▸ EXERCISE DIRECTIONS
All that should be output is the block of lines below from the line with "sop_poly (p : nat" to the line with "second_order_poly Q.", both included, exactly as written.

-.-.-

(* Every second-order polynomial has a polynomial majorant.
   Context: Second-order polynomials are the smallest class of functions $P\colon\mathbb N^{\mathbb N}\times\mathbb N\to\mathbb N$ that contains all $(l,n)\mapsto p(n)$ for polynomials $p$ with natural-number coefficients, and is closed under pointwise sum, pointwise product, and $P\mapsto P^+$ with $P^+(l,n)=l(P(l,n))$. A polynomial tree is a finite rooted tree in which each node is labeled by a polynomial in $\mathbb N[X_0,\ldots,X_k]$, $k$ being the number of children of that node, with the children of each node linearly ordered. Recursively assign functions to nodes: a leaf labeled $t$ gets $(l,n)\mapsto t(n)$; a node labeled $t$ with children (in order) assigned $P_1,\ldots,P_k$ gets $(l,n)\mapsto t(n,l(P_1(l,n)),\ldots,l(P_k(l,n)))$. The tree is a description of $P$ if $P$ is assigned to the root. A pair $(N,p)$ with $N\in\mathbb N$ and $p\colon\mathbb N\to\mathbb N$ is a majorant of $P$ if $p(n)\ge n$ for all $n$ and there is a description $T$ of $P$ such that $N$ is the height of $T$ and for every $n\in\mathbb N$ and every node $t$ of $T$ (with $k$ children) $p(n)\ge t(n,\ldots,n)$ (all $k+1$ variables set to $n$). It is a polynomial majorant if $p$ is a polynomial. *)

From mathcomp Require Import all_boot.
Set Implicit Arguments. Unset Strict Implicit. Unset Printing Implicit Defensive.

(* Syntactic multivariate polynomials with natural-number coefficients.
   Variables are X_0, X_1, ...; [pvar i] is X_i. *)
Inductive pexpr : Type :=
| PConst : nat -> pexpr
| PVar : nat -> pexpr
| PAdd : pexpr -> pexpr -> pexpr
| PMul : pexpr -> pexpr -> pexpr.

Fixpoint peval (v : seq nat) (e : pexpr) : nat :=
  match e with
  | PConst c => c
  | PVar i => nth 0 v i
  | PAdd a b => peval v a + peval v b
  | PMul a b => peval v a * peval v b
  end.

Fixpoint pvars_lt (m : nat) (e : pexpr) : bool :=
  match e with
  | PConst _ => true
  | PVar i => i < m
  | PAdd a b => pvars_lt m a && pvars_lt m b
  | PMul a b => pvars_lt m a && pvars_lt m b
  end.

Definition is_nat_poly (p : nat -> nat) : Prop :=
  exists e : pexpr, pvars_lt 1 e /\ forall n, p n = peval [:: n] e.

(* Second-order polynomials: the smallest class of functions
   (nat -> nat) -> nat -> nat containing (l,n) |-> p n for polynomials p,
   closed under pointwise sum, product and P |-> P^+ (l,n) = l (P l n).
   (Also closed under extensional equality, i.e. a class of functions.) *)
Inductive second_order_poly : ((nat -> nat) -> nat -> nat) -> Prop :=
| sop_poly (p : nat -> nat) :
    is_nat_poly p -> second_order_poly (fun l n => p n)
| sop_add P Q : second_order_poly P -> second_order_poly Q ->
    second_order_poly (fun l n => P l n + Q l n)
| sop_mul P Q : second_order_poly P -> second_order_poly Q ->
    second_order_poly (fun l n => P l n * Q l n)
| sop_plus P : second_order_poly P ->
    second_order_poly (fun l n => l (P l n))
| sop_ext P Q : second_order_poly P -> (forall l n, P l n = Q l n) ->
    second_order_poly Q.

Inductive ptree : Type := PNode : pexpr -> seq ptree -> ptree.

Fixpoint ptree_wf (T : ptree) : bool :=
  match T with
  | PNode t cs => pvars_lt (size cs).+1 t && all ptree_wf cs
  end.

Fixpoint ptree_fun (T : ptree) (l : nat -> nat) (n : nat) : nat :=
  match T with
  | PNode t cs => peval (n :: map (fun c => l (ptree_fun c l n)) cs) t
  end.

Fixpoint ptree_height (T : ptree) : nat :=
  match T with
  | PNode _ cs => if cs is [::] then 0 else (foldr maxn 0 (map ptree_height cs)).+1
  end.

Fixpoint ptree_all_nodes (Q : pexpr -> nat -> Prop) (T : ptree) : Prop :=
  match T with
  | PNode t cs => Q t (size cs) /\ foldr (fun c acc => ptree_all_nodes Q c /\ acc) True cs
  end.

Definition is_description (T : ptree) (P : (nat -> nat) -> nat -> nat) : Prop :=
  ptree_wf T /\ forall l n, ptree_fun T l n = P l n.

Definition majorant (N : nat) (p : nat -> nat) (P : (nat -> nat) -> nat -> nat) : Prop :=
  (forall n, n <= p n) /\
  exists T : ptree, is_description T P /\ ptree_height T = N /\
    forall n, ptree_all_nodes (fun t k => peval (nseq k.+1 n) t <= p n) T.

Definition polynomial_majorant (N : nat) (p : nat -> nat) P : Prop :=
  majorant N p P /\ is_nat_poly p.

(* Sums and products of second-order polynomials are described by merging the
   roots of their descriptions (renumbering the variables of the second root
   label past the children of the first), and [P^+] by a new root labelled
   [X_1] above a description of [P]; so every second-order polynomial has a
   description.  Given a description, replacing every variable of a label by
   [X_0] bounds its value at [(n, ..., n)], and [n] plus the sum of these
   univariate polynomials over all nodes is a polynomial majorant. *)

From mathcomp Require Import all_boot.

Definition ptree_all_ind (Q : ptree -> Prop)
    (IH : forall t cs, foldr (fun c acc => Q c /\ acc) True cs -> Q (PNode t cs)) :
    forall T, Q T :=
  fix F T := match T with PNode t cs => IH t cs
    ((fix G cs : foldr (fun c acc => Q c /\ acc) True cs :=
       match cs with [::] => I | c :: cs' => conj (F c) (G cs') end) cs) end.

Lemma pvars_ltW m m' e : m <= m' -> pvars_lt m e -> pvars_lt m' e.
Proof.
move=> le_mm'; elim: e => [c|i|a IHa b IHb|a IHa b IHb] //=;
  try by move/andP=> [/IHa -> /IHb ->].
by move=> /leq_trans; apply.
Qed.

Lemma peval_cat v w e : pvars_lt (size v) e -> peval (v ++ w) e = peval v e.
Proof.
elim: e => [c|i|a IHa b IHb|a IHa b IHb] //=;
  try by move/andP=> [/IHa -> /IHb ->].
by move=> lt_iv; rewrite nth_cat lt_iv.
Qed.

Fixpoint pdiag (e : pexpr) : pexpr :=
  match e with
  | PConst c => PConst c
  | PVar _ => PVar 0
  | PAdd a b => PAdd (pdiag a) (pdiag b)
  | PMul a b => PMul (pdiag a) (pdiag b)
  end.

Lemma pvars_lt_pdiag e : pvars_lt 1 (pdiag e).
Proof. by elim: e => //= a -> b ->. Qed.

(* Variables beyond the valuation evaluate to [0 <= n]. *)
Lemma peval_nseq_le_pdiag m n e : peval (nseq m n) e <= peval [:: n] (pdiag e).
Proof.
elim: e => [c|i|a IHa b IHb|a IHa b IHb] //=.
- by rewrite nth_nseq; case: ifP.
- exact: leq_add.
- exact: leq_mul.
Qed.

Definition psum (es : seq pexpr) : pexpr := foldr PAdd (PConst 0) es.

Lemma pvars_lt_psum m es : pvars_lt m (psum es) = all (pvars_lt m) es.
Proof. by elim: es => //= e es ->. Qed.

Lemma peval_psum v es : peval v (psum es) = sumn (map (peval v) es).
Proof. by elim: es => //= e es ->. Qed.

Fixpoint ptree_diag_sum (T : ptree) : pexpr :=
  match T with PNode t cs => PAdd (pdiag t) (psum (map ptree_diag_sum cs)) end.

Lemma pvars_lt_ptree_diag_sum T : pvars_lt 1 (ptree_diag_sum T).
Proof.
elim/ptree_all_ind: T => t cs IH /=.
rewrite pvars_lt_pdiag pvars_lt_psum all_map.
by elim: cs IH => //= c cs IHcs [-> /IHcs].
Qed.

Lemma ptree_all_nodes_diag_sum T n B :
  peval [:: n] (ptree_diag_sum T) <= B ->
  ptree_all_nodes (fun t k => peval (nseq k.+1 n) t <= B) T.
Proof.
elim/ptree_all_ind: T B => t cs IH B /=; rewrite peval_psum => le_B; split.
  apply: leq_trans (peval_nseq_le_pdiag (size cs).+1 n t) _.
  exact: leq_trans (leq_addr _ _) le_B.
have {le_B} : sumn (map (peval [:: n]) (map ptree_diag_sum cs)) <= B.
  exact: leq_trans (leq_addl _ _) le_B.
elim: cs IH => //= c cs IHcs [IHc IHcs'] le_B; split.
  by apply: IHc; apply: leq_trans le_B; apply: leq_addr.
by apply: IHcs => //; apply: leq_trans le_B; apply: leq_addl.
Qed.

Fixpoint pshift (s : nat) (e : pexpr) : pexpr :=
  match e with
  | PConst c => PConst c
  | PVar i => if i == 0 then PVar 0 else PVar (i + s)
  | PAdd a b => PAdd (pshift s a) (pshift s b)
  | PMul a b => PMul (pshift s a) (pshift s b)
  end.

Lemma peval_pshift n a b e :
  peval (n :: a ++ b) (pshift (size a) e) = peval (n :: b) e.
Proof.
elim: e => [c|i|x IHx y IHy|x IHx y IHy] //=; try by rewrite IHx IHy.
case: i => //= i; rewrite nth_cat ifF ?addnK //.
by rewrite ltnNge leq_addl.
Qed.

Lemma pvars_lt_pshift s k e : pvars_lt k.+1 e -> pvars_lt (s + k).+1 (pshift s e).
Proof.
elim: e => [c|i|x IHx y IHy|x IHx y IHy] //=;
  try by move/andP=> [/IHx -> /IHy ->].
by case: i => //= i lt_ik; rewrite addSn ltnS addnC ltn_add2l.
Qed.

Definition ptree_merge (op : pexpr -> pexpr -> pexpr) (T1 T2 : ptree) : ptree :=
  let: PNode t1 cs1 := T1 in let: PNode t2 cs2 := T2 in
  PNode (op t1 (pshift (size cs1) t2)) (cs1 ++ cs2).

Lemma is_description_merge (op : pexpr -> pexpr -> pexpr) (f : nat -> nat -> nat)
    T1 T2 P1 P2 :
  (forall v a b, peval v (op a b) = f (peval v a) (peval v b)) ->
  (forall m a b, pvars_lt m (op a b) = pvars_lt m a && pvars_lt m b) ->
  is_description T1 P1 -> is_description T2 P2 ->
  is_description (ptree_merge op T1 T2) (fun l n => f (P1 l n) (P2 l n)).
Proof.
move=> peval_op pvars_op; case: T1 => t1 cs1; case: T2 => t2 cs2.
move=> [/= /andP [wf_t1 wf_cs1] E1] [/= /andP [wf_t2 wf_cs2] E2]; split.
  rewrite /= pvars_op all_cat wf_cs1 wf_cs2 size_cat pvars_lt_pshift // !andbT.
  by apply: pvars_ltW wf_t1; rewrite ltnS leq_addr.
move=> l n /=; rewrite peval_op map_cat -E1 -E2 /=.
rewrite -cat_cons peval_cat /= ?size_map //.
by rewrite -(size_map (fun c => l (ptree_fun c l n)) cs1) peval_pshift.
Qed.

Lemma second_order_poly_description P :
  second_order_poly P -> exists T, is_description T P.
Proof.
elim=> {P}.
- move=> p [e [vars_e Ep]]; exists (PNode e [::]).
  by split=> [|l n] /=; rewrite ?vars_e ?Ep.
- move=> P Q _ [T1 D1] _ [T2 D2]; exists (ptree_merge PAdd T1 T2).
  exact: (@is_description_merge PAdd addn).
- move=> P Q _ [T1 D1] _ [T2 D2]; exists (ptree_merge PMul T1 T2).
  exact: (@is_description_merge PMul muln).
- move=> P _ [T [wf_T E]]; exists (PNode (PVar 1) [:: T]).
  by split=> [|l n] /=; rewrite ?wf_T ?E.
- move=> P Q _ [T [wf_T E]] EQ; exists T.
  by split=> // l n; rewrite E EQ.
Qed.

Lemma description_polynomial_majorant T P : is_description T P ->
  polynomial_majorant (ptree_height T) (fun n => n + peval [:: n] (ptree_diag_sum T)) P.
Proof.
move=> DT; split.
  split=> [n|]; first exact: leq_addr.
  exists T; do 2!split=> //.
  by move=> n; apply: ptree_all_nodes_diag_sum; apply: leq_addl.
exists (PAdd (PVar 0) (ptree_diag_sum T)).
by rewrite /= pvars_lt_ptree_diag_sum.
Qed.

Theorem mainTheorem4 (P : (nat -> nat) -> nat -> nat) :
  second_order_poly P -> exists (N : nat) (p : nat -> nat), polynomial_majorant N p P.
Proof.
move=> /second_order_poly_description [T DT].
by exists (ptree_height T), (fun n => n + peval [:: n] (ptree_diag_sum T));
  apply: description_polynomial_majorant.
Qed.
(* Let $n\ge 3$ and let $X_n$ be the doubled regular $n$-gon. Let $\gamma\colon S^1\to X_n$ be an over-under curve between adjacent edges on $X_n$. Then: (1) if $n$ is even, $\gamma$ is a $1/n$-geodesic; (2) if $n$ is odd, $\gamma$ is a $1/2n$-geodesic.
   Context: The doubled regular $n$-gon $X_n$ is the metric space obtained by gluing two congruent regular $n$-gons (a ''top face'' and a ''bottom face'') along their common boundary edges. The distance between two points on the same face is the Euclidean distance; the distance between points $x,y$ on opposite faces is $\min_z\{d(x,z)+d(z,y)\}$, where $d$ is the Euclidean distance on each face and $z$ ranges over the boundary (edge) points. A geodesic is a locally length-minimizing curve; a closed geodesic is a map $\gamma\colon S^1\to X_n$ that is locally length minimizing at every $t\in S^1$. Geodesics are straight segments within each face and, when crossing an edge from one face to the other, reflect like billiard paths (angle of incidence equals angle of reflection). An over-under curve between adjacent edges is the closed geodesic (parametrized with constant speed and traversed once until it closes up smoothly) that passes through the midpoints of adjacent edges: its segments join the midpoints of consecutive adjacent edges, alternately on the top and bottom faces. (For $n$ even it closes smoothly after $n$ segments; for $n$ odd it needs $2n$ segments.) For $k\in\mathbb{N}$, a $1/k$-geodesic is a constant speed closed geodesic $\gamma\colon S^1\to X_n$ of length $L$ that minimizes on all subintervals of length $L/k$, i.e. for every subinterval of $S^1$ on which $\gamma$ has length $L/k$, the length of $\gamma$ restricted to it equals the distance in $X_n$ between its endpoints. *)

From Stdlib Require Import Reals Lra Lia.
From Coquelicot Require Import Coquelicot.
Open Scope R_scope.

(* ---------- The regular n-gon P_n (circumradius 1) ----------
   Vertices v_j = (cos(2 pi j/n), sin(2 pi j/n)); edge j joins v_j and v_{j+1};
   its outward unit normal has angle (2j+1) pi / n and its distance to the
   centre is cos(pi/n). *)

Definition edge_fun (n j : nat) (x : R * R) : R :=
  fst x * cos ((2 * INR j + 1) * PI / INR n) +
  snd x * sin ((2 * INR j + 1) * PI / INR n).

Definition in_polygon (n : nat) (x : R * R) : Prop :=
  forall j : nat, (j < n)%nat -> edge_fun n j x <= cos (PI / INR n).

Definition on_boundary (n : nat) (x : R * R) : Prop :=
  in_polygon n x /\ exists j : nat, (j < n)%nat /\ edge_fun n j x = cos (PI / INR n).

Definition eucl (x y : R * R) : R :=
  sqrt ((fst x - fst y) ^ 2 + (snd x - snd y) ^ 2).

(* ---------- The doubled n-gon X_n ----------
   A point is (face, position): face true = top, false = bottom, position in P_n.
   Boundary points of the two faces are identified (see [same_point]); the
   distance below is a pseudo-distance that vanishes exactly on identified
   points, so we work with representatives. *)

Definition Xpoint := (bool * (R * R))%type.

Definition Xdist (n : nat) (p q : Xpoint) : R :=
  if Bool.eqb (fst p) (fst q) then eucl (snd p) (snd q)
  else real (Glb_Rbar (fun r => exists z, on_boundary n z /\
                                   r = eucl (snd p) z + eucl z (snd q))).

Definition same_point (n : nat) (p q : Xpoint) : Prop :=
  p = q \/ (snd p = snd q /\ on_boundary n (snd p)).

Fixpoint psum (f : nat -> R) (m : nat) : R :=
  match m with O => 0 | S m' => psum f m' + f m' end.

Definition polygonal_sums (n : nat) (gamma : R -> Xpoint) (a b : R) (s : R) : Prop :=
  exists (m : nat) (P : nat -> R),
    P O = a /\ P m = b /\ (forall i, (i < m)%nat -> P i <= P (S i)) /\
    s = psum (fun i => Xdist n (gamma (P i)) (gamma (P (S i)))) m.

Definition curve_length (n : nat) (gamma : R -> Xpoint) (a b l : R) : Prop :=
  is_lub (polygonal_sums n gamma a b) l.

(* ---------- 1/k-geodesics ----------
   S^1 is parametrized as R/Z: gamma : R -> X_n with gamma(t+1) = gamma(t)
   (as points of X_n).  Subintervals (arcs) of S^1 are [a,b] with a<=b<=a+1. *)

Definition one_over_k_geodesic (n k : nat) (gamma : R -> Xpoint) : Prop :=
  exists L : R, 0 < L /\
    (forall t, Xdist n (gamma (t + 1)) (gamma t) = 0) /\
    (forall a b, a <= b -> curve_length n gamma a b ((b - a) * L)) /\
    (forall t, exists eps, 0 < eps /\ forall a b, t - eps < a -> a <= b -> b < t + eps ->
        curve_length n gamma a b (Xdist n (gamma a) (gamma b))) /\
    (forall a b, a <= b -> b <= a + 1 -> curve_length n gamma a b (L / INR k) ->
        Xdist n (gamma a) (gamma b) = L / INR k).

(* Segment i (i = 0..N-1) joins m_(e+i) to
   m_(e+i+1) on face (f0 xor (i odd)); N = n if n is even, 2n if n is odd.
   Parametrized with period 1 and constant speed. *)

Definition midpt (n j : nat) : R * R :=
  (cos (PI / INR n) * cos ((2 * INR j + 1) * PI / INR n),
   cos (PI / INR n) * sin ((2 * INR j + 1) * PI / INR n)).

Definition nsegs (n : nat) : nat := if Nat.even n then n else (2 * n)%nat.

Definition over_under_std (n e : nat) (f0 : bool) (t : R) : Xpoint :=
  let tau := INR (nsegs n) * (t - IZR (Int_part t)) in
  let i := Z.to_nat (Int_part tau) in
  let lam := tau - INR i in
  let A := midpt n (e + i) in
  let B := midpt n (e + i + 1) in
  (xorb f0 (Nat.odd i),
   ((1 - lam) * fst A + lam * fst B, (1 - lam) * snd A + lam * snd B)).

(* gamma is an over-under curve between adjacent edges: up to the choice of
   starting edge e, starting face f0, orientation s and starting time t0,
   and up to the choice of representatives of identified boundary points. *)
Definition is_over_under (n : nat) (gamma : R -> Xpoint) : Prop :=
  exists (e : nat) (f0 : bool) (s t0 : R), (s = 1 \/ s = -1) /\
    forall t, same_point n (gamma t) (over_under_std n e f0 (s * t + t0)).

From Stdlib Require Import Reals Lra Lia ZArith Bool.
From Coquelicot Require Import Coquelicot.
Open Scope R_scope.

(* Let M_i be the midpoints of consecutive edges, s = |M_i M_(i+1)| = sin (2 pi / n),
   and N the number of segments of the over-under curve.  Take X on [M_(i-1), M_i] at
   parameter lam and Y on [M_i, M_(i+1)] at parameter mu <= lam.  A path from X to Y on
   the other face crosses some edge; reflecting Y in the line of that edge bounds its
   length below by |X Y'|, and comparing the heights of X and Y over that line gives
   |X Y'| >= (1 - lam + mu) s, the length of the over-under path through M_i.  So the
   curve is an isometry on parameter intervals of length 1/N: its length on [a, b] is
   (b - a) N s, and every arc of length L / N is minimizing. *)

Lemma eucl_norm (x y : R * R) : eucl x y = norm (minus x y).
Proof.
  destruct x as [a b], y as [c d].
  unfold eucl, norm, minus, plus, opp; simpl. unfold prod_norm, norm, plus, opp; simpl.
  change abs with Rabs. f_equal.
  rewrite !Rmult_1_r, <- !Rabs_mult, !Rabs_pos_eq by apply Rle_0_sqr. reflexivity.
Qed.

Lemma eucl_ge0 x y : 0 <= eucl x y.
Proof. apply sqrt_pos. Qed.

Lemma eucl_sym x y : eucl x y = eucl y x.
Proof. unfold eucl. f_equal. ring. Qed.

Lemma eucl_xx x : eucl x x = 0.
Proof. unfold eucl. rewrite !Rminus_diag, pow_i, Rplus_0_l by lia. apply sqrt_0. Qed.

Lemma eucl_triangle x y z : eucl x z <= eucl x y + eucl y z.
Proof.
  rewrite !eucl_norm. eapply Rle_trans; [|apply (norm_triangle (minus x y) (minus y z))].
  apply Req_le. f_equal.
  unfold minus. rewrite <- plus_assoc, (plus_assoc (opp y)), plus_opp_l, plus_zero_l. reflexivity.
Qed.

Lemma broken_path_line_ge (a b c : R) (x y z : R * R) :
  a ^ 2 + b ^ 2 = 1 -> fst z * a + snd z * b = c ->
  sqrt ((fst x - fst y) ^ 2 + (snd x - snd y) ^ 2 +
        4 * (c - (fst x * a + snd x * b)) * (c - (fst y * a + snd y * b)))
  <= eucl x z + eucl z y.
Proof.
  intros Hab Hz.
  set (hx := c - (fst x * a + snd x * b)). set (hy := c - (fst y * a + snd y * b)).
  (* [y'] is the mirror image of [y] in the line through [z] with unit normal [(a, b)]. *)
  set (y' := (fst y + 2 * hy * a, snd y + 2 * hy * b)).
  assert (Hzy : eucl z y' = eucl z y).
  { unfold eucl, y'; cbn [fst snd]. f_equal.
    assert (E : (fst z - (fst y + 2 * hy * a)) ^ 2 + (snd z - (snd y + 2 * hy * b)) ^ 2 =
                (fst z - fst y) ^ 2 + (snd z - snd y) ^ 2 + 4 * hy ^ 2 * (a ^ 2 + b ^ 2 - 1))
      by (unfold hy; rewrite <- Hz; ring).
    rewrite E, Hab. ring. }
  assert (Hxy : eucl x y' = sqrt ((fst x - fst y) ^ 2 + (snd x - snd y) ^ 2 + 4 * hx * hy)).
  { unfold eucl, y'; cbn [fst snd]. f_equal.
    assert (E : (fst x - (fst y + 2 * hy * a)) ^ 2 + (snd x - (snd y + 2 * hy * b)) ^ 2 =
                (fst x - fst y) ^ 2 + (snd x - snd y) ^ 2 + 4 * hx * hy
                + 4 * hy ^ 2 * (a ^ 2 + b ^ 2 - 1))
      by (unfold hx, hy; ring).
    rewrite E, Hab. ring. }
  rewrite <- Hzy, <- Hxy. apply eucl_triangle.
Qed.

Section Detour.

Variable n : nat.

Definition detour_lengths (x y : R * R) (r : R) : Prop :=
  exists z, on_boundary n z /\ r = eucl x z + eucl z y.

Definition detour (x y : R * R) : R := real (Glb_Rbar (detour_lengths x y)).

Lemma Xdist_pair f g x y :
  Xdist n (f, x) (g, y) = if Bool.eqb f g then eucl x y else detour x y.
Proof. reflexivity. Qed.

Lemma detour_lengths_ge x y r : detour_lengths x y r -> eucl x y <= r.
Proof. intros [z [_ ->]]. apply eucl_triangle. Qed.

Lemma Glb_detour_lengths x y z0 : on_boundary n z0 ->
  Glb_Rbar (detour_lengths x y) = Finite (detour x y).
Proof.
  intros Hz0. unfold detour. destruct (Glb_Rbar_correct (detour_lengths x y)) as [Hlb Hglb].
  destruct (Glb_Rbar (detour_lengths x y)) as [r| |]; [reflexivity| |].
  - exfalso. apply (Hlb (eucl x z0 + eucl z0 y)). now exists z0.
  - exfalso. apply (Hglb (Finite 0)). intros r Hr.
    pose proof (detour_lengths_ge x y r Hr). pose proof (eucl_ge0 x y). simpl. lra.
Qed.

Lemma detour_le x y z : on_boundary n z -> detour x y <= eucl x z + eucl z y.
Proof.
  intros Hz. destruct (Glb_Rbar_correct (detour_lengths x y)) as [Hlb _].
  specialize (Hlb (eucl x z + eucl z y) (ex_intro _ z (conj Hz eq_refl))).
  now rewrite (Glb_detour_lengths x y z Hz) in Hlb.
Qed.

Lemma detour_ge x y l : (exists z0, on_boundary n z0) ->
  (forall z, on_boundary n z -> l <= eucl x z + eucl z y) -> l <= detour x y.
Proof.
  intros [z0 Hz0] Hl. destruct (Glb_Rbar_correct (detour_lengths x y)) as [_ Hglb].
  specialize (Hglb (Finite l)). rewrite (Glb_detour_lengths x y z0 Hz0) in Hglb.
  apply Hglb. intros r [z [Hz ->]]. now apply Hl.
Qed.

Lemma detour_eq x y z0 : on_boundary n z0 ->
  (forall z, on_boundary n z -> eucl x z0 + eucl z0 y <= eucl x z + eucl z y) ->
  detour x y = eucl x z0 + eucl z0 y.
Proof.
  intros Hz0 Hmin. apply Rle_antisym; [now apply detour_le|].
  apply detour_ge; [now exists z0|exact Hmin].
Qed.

-.-.-

▸ RESPONSE
| sop_poly (p : nat -> nat) :
    is_nat_poly p -> second_order_poly (fun l n => p n)
| sop_add P Q : second_order_poly P -> second_order_poly Q ->
    second_order_poly (fun l n => P l n + Q l n)
| sop_mul P Q : second_order_poly P -> second_order_poly Q ->
    second_order_poly (fun l n => P l n * Q l n)
| sop_plus P : second_order_poly P ->
    second_order_poly (fun l n => l (P l n))
| sop_ext P Q : second_order_poly P -> (forall l n, P l n = Q l n) ->
    second_order_poly Q.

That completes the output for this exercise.